Exercise details -> Restate word for word the entries below, starting with the line with "(CV_mult _ _" and continuing through the line with "(a <= 2)%nat". Include both of those lines and no others.

Information provided ->
(* For $k\in\mathbb{N}$ let $A(k)=\dfrac{3^{2k+3}-32k^3-96k^2-88k-27}{4\,(2k+3)!}$. (i) For every $x\in(0,\pi/2)$ and every $n\in\mathbb{N}$, $$\sum_{k=2}^{2n}(-1)^{k+1}A(k)\,x^{2k}<\cos x-\Big(\frac{\sin x}{x}\Big)^{3}<\sum_{k=2}^{2n+1}(-1)^{k+1}A(k)\,x^{2k}.$$ (ii) For every $x\in(0,\pi/2)$ and every $m\in\mathbb{N}$, $$\Big|\cos x-\Big(\frac{\sin x}{x}\Big)^{3}-\sum_{k=1}^{m}(-1)^{k+1}A(k)\,x^{2k}\Big|<A(m+1)\,x^{2m+2}.$$
   Context: $\mathbb{N}=\{1,2,3,\dots\}$. *)

From Stdlib Require Import Reals Lra Lia Arith Factorial.
Open Scope R_scope.

Definition A (k : nat) : R :=
  (3 ^ (2 * k + 3) - 32 * INR k ^ 3 - 96 * INR k ^ 2 - 88 * INR k - 27)
  / (4 * INR (fact (2 * k + 3))).

Definition term (k : nat) (x : R) : R := (-1) ^ (k + 1) * A k * x ^ (2 * k).

(* psum a b x = sum_{k=a}^{b} term k x  (empty, i.e. 0, if b < a) *)
Fixpoint psum (a b : nat) (x : R) : R :=
  match b with
  | O => if (a <=? 0)%nat then term 0 x else 0
  | S b' => psum a b' x + (if (a <=? S b')%nat then term (S b') x else 0)
  end.

Definition F (x : R) : R := cos x - (sin x / x) ^ 3.

From Stdlib Require Import Reals Lra Lia Factorial.
Open Scope R_scope.

(* Since sin^3 x = (3 sin x - sin 3x) / 4, the function (sin x / x)^3 is
   3/(4x^2) (sin x / x - sin 3x / (3x)), a difference of two power series in x^2;
   subtracting it from the series of cos x gives exactly sum_k (-1)^(k+1) A(k) x^(2k),
   with A(0) = A(1) = 0.  For k >= 2 one has A(k) > 0 and A(k+1) < A(k) / 4, so for
   x^2 < pi^2/4 < 4 the terms decrease strictly in absolute value and both claims are
   the Leibniz estimates for alternating series, made strict by the strict decrease. *)

Lemma Un_cv_const (c : R) : Un_cv (fun _ => c) c.
Proof.
  intros eps Heps; exists 0%nat; intros n _.
  unfold Rdist; rewrite Rminus_diag, Rabs_R0; exact Heps.
Qed.

Lemma series_terms_cv0 (a : nat -> R) (l : R) :
  Un_cv (sum_f_R0 a) l -> Un_cv a 0.
Proof.
  intro Hl; apply CV_shift with 1%nat.
  apply Un_cv_ext with (fun n => sum_f_R0 a (n + 1) - sum_f_R0 a n).
  { intro n; rewrite Nat.add_1_r, tech5; ring. }
  replace 0 with (l - l) by ring.
  apply CV_minus; [apply CV_shift' |]; exact Hl.
Qed.

Lemma tg_alt_cv0 (u : nat -> R) : Un_cv (tg_alt u) 0 -> Un_cv u 0.
Proof.
  intros Hu eps Heps; destruct (Hu eps Heps) as [N HN]; exists N; intros n Hn.
  specialize (HN n Hn); unfold Rdist, tg_alt in *; rewrite Rminus_0_r in *.
  rewrite Rabs_mult, pow_1_abs, Rmult_1_l in HN; exact HN.
Qed.

Lemma tg_alt_odd (u : nat -> R) (n : nat) : tg_alt u (S (2 * n)) = - u (S (2 * n)).
Proof. unfold tg_alt; rewrite pow_1_odd; ring. Qed.

Lemma sum_tg_alt_SS (u : nat -> R) (n : nat) :
  sum_f_R0 (tg_alt u) (S (S n))
  = sum_f_R0 (tg_alt u) n + (-1) ^ n * (u (S (S n)) - u (S n)).
Proof. rewrite !tech5; unfold tg_alt; simpl; ring. Qed.

Section StrictAlternatingSeries.

Variables (u : nat -> R) (l : R).
Hypothesis u_decr : forall n, u (S n) < u n.
Hypothesis u_sum : Un_cv (sum_f_R0 (tg_alt u)) l.

Lemma alternated_series_ineq_strict (N : nat) :
  sum_f_R0 (tg_alt u) (S (2 * N)) < l < sum_f_R0 (tg_alt u) (2 * N).
Proof.
  assert (u_cv0 : Un_cv u 0) by apply tg_alt_cv0, (series_terms_cv0 _ l), u_sum.
  destruct (alternated_series_ineq u l (S N)) as [lo hi]; auto.
  { intro n; left; apply u_decr. }
  replace (2 * S N)%nat with (S (S (2 * N))) in lo, hi by lia.
  rewrite sum_tg_alt_SS, pow_1_odd in lo; rewrite sum_tg_alt_SS, pow_1_even in hi.
  pose proof (u_decr (S (2 * N))); pose proof (u_decr (S (S (2 * N)))).
  lra.
Qed.

Lemma alternated_series_error (j : nat) :
  Rabs (l - sum_f_R0 (tg_alt u) j) < u (S j).
Proof.
  destruct (Nat.Even_or_Odd j) as [[N ->] | [N ->]].
  - destruct (alternated_series_ineq_strict N) as [lo hi].
    rewrite tech5, tg_alt_odd in lo.
    apply Rabs_def1; lra.
  - destruct (alternated_series_ineq_strict N) as [lo _].
    destruct (alternated_series_ineq_strict (S N)) as [_ hi].
    replace (2 * S N)%nat with (S (S (2 * N))) in hi by lia.
    rewrite sum_tg_alt_SS, pow_1_even in hi.
    replace (2 * N + 1)%nat with (S (2 * N)) in * by lia.
    rewrite tech5, tg_alt_odd in lo |- *.
    apply Rabs_def1; lra.
Qed.

Lemma alternated_series_lt_first : Rabs l < u 0%nat.
Proof.
  destruct (alternated_series_ineq_strict 0) as [lo hi].
  unfold tg_alt in lo, hi; simpl in lo, hi.
  pose proof (u_decr 0).
  apply Rabs_def1; lra.
Qed.

End StrictAlternatingSeries.

Lemma sin_3a (x : R) : sin (3 * x) = 3 * sin x - 4 * sin x ^ 3.
Proof.
  replace (3 * x) with (2 * x + x) by ring.
  rewrite sin_plus, sin_2a, cos_2a_sin.
  pose proof (sin2_cos2 x) as Hsc; unfold Rsqr in Hsc.
  replace (2 * sin x * cos x * cos x) with (2 * sin x * (1 - sin x * sin x)) by
    (rewrite <- Hsc; ring).
  ring.
Qed.

Lemma sinc_cube (x : R) :
  x <> 0 -> (sin x / x) ^ 3 = 3 / (4 * (x * x)) * (sin x / x - sin (3 * x) / (3 * x)).
Proof. intro Hx; rewrite sin_3a; field; exact Hx. Qed.

Lemma cos_series (x : R) : infinite_sum (fun i => cos_n i * (x * x) ^ i) (cos x).
Proof. unfold cos; destruct (exist_cos (Rsqr x)) as [a Ha]; exact Ha. Qed.

Lemma sinc_series (x : R) :
  x <> 0 -> infinite_sum (fun i => sin_n i * (x * x) ^ i) (sin x / x).
Proof.
  intro Hx; unfold sin; destruct (exist_sin (Rsqr x)) as [a Ha].
  replace (x * a / x) with a by (field; exact Hx); exact Ha.
Qed.

Lemma INR_fact_2k3 (k : nat) :
  INR (fact (2 * k + 3))
  = (2 * INR k + 3) * (2 * INR k + 2) * (2 * INR k + 1) * INR (fact (2 * k)).
Proof.
  replace (2 * k + 3)%nat with (S (S (S (2 * k)))) by lia.
  rewrite !fact_simpl, !mult_INR, !S_INR, mult_INR; simpl; ring.
Qed.

Lemma term_series_coef (k : nat) (x : R) :
  x <> 0 ->
  term k x = cos_n k * (x * x) ^ k
    - 3 / (4 * (x * x))
      * (sin_n (S k) * (x * x) ^ S k - sin_n (S k) * (3 * x * (3 * x)) ^ S k).
Proof.
  intro Hx; unfold term, A, cos_n, sin_n.
  replace (2 * S k + 1)%nat with (2 * k + 3)%nat by lia.
  rewrite INR_fact_2k3.
  replace (3 ^ (2 * k + 3)) with (27 * 9 ^ k)
    by (rewrite pow_add, pow_mult; replace (3 ^ 2) with 9 by ring; ring).
  replace (x ^ (2 * k)) with ((x * x) ^ k) by (rewrite pow_mult; f_equal; ring).
  replace ((-1) ^ (k + 1)) with (- (-1) ^ k) by (rewrite pow_add; simpl; ring).
  replace (3 * x * (3 * x)) with (9 * (x * x)) by ring.
  rewrite (Rpow_mult_distr 9 (x * x)).
  pose proof (INR_fact_neq_0 (2 * k)); pose proof (pos_INR k).
  simpl pow; field; repeat split; try lra; nra.
Qed.

Lemma F_series (x : R) : x <> 0 -> Un_cv (sum_f_R0 (fun k => term k x)) (F x).
Proof.
  intro Hx.
  set (c := fun i => sin_n i * (x * x) ^ i - sin_n i * (3 * x * (3 * x)) ^ i).
  assert (Hc : Un_cv (sum_f_R0 c) (sin x / x - sin (3 * x) / (3 * x))).
  { apply Un_cv_ext
      with (2 := CV_minus _ _ _ _ (sinc_series x Hx) (sinc_series (3 * x) ltac:(lra))).
    intro n; unfold c; symmetry; apply minus_sum. }
  assert (Hc_shift : Un_cv (sum_f_R0 (fun i => c (S i))) (sin x / x - sin (3 * x) / (3 * x))).
  { apply Un_cv_ext with (2 := CV_shift' _ 1 _ Hc).
    intro n; rewrite Nat.add_1_r, decomp_sum by lia; unfold c at 1; simpl; ring. }
  unfold F; rewrite sinc_cube by exact Hx.
  apply Un_cv_ext with (2 := CV_minus _ _ _ _ (cos_series x)
    (CV_mult _ _ _ _ (Un_cv_const (3 / (4 * (x * x)))) Hc_shift)).
  intro n; rewrite scal_sum, <- minus_sum; apply sum_eq; intros i _.
  rewrite term_series_coef by exact Hx; unfold c; ring.
Qed.

Lemma A_0 : A 0 = 0.
Proof. unfold A; simpl; field; apply not_0_INR, fact_neq_0. Qed.

Lemma A_1 : A 1 = 0.
Proof. unfold A; simpl; field; apply not_0_INR, fact_neq_0. Qed.

Lemma psum_eq_sum (a b : nat) (x : R) :
  (a <= 2)%nat -> psum a b x = sum_f_R0 (fun k => term k x) b.
Proof.
  assert (term0 : term 0 x = 0) by (unfold term; rewrite A_0; ring).
  assert (term1 : term 1 x = 0) by (unfold term; rewrite A_1; ring).
  intro Ha; induction b as [| b IH].
  - simpl; destruct (a <=? 0)%nat; [reflexivity | now rewrite term0].
  - simpl psum; rewrite IH, tech5.
    destruct (a <=? S b)%nat eqn:E; [reflexivity |].
    apply Nat.leb_gt in E; replace b with 0%nat by lia; rewrite term1; ring.
Qed.

Definition A_cubic (K : R) : R := 32 * K ^ 3 + 96 * K ^ 2 + 88 * K + 27.

Lemma A_eq (k : nat) :
  A k = (3 ^ (2 * k + 3) - A_cubic (INR k)) / (4 * INR (fact (2 * k + 3))).
Proof. unfold A, A_cubic; f_equal; ring. Qed.

Lemma A_cubic_lt (k : nat) : (2 <= k)%nat -> 2 * A_cubic (INR k) < 3 ^ (2 * k + 3).
Proof.
  induction 1 as [| k Hk IH].
  - unfold A_cubic; simpl; lra.
  - replace (2 * S k + 3)%nat with (2 + (2 * k + 3))%nat by lia.
    rewrite pow_add, S_INR.
    assert (2 <= INR k) by (apply (le_INR 2); exact Hk).
    unfold A_cubic in *; simpl pow in *; nra.
Qed.

Lemma A_pos (k : nat) : (2 <= k)%nat -> 0 < A k.
Proof.
  intro Hk; pose proof (A_cubic_lt k Hk).
  assert (0 <= INR k) by apply pos_INR.
  unfold A; apply Rdiv_lt_0_compat.
  - unfold A_cubic in *; nra.
  - pose proof (lt_0_INR _ (lt_O_fact (2 * k + 3))); lra.
Qed.

(* With T = 3^(2k+3) > 2 A_cubic k, the ratio A(k+1) (2k+4)(2k+5) / A(k)
   = (9 T - A_cubic (k+1)) / (T - A_cubic k) is below 18, while (2k+4)(2k+5) >= 72. *)
Lemma A_succ_lt (k : nat) : (2 <= k)%nat -> 4 * A (S k) < A k.
Proof.
  intro Hk.
  pose proof (A_cubic_lt k Hk) as HT.
  assert (HK : 2 <= INR k) by (apply (le_INR 2); exact Hk).
  set (T := 3 ^ (2 * k + 3)) in HT.
  set (f := INR (fact (2 * k + 3))).
  set (y := (2 * INR k + 5) * (2 * INR k + 4)).
  assert (Hf : 0 < f) by apply lt_0_INR, lt_O_fact.
  assert (Hy : 72 <= y) by (unfold y; nra).
  assert (E1 : A (S k) * (4 * y * f) = 9 * T - A_cubic (INR k + 1)).
  { rewrite A_eq, S_INR.
    replace (3 ^ (2 * S k + 3)) with (9 * T) by
      (unfold T; replace (2 * S k + 3)%nat with (2 + (2 * k + 3))%nat by lia;
       rewrite (pow_add 3 2); ring).
    replace (INR (fact (2 * S k + 3))) with (y * f) by
      (unfold y, f; replace (2 * S k + 3)%nat with (S (S (2 * k + 3))) by lia;
       rewrite !fact_simpl, !mult_INR, !S_INR, plus_INR, mult_INR; simpl INR; ring).
    field; lra. }
  assert (E2 : A k * (4 * f) = T - A_cubic (INR k)).
  { rewrite A_eq; fold f T; field; lra. }
  assert (0 < A_cubic (INR k + 1)) by (unfold A_cubic; nra).
  assert (0 < A_cubic (INR k)) by (unfold A_cubic; nra).
  apply Rmult_lt_reg_r with (4 * y * f); [nra |].
  rewrite Rmult_assoc, E1.
  replace (A k * (4 * y * f)) with (y * (A k * (4 * f))) by ring.
  rewrite E2; nra.
Qed.

(* Because A 0 = A 1 = 0, the series of F starts at k = 2; reindexed from there it is
   minus the alternating series of the tail_term. *)
Definition tail_term (x : R) (j : nat) : R := A (j + 2) * x ^ (2 * (j + 2)).

Lemma sum_term_tail (x : R) (N : nat) :
  sum_f_R0 (fun k => term k x) (N + 2) = - sum_f_R0 (tg_alt (tail_term x)) N.
Proof.
  induction N as [| N IH].
  - simpl; unfold term, tg_alt, tail_term; rewrite A_0, A_1; simpl; ring.
  - replace (S N + 2)%nat with (S (N + 2)) by lia.
    rewrite tech5, IH, tech5; unfold term, tg_alt, tail_term.
    replace (S (N + 2)) with (S N + 2)%nat by lia.
    rewrite (pow_add (-1) (S N + 2) 1), (pow_add (-1) (S N) 2); ring.
Qed.

Lemma tail_series (x : R) :
  x <> 0 -> Un_cv (sum_f_R0 (tg_alt (tail_term x))) (- F x).
Proof.
  intro Hx; apply Un_cv_ext with (2 := CV_opp _ _ (CV_shift' _ 2 _ (F_series x Hx))).
  intro n; unfold opp_seq; rewrite sum_term_tail; ring.
Qed.

Lemma tail_term_decr (x : R) :
  0 < x < PI / 2 -> forall j, tail_term x (S j) < tail_term x j.
Proof.
  intros Hx j; unfold tail_term.
  replace (S j + 2)%nat with (S (j + 2)) by lia.
  replace (2 * S (j + 2))%nat with (S (S (2 * (j + 2)))) by lia.
  pose proof (A_succ_lt (j + 2) ltac:(lia)); pose proof (A_pos (S (j + 2)) ltac:(lia)).
  assert (0 < x ^ (2 * (j + 2))) by (apply pow_lt; lra).
  assert (x * x < 4) by (pose proof PI_4; nra).
  rewrite <- !tech_pow_Rmult; set (p := x ^ (2 * (j + 2))) in *.
  apply Rlt_trans with (4 * A (S (j + 2)) * p).
  - replace (A (S (j + 2)) * (x * (x * p))) with (A (S (j + 2)) * p * (x * x)) by ring.
    replace (4 * A (S (j + 2)) * p) with (A (S (j + 2)) * p * 4) by ring.
    apply Rmult_lt_compat_l; [apply Rmult_lt_0_compat |]; lra.
  - apply Rmult_lt_compat_r; lra.
Qed.

Lemma F_between_psum (x : R) (n : nat) :
  0 < x < PI / 2 -> (1 <= n)%nat -> psum 2 (2 * n) x < F x < psum 2 (2 * n + 1) x.
Proof.
  intros Hx Hn.
  destruct (alternated_series_ineq_strict _ _ (tail_term_decr x Hx)
              (tail_series x ltac:(lra)) (n - 1)) as [lo hi].
  rewrite !psum_eq_sum by lia.
  replace (2 * n + 1)%nat with (S (2 * (n - 1)) + 2)%nat by lia.
  replace (2 * n)%nat with (2 * (n - 1) + 2)%nat by lia.
  rewrite !sum_term_tail; lra.
Qed.

Lemma F_psum_error (x : R) (m : nat) :
  0 < x < PI / 2 -> (1 <= m)%nat ->
  Rabs (F x - psum 1 m x) < A (m + 1) * x ^ (2 * m + 2).
Proof.
  intros Hx Hm.
  pose proof (tail_term_decr x Hx) as decr.
  pose proof (tail_series x ltac:(lra)) as cv.
  rewrite psum_eq_sum by lia.
  destruct (Nat.eq_dec m 1) as [-> | Hm2].
  - pose proof (alternated_series_lt_first _ _ decr cv) as H.
    rewrite Rabs_Ropp in H.
    replace (sum_f_R0 (fun k => term k x) 1) with 0
      by (simpl; unfold term; rewrite A_0, A_1; ring).
    rewrite Rminus_0_r; exact H.
  - pose proof (alternated_series_error _ _ decr cv (m - 2)) as H.
    replace m with (m - 2 + 2)%nat by lia; rewrite sum_term_tail.
    replace (F x - - sum_f_R0 (tg_alt (tail_term x)) (m - 2))
      with (- (- F x - sum_f_R0 (tg_alt (tail_term x)) (m - 2))) by ring.
    rewrite Rabs_Ropp; unfold tail_term in H.
    replace (m - 2 + 2 + 1)%nat with (S (m - 2) + 2)%nat by lia.
    replace (2 * (m - 2 + 2) + 2)%nat with (2 * (S (m - 2) + 2))%nat by lia.
    exact H.
Qed.

Theorem theorem1 :
  (forall (x : R) (n : nat), 0 < x < PI / 2 -> (1 <= n)%nat ->
     psum 2 (2 * n) x < F x < psum 2 (2 * n + 1) x) /\
  (forall (x : R) (m : nat), 0 < x < PI / 2 -> (1 <= m)%nat ->
     Rabs (F x - psum 1 m x) < A (m + 1) * x ^ (2 * m + 2)).
Proof.
  split; [exact F_between_psum | exact F_psum_error].
Qed.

Your solution ->
    (CV_mult _ _ _ _ (Un_cv_const (3 / (4 * (x * x)))) Hc_shift)).
  intro n; rewrite scal_sum, <- minus_sum; apply sum_eq; intros i _.
  rewrite term_series_coef by exact Hx; unfold c; ring.
Qed.

Lemma A_0 : A 0 = 0.
Proof. unfold A; simpl; field; apply not_0_INR, fact_neq_0. Qed.

Lemma A_1 : A 1 = 0.
Proof. unfold A; simpl; field; apply not_0_INR, fact_neq_0. Qed.

Lemma psum_eq_sum (a b : nat) (x : R) :
  (a <= 2)%nat -> psum a b x = sum_f_R0 (fun k => term k x) b.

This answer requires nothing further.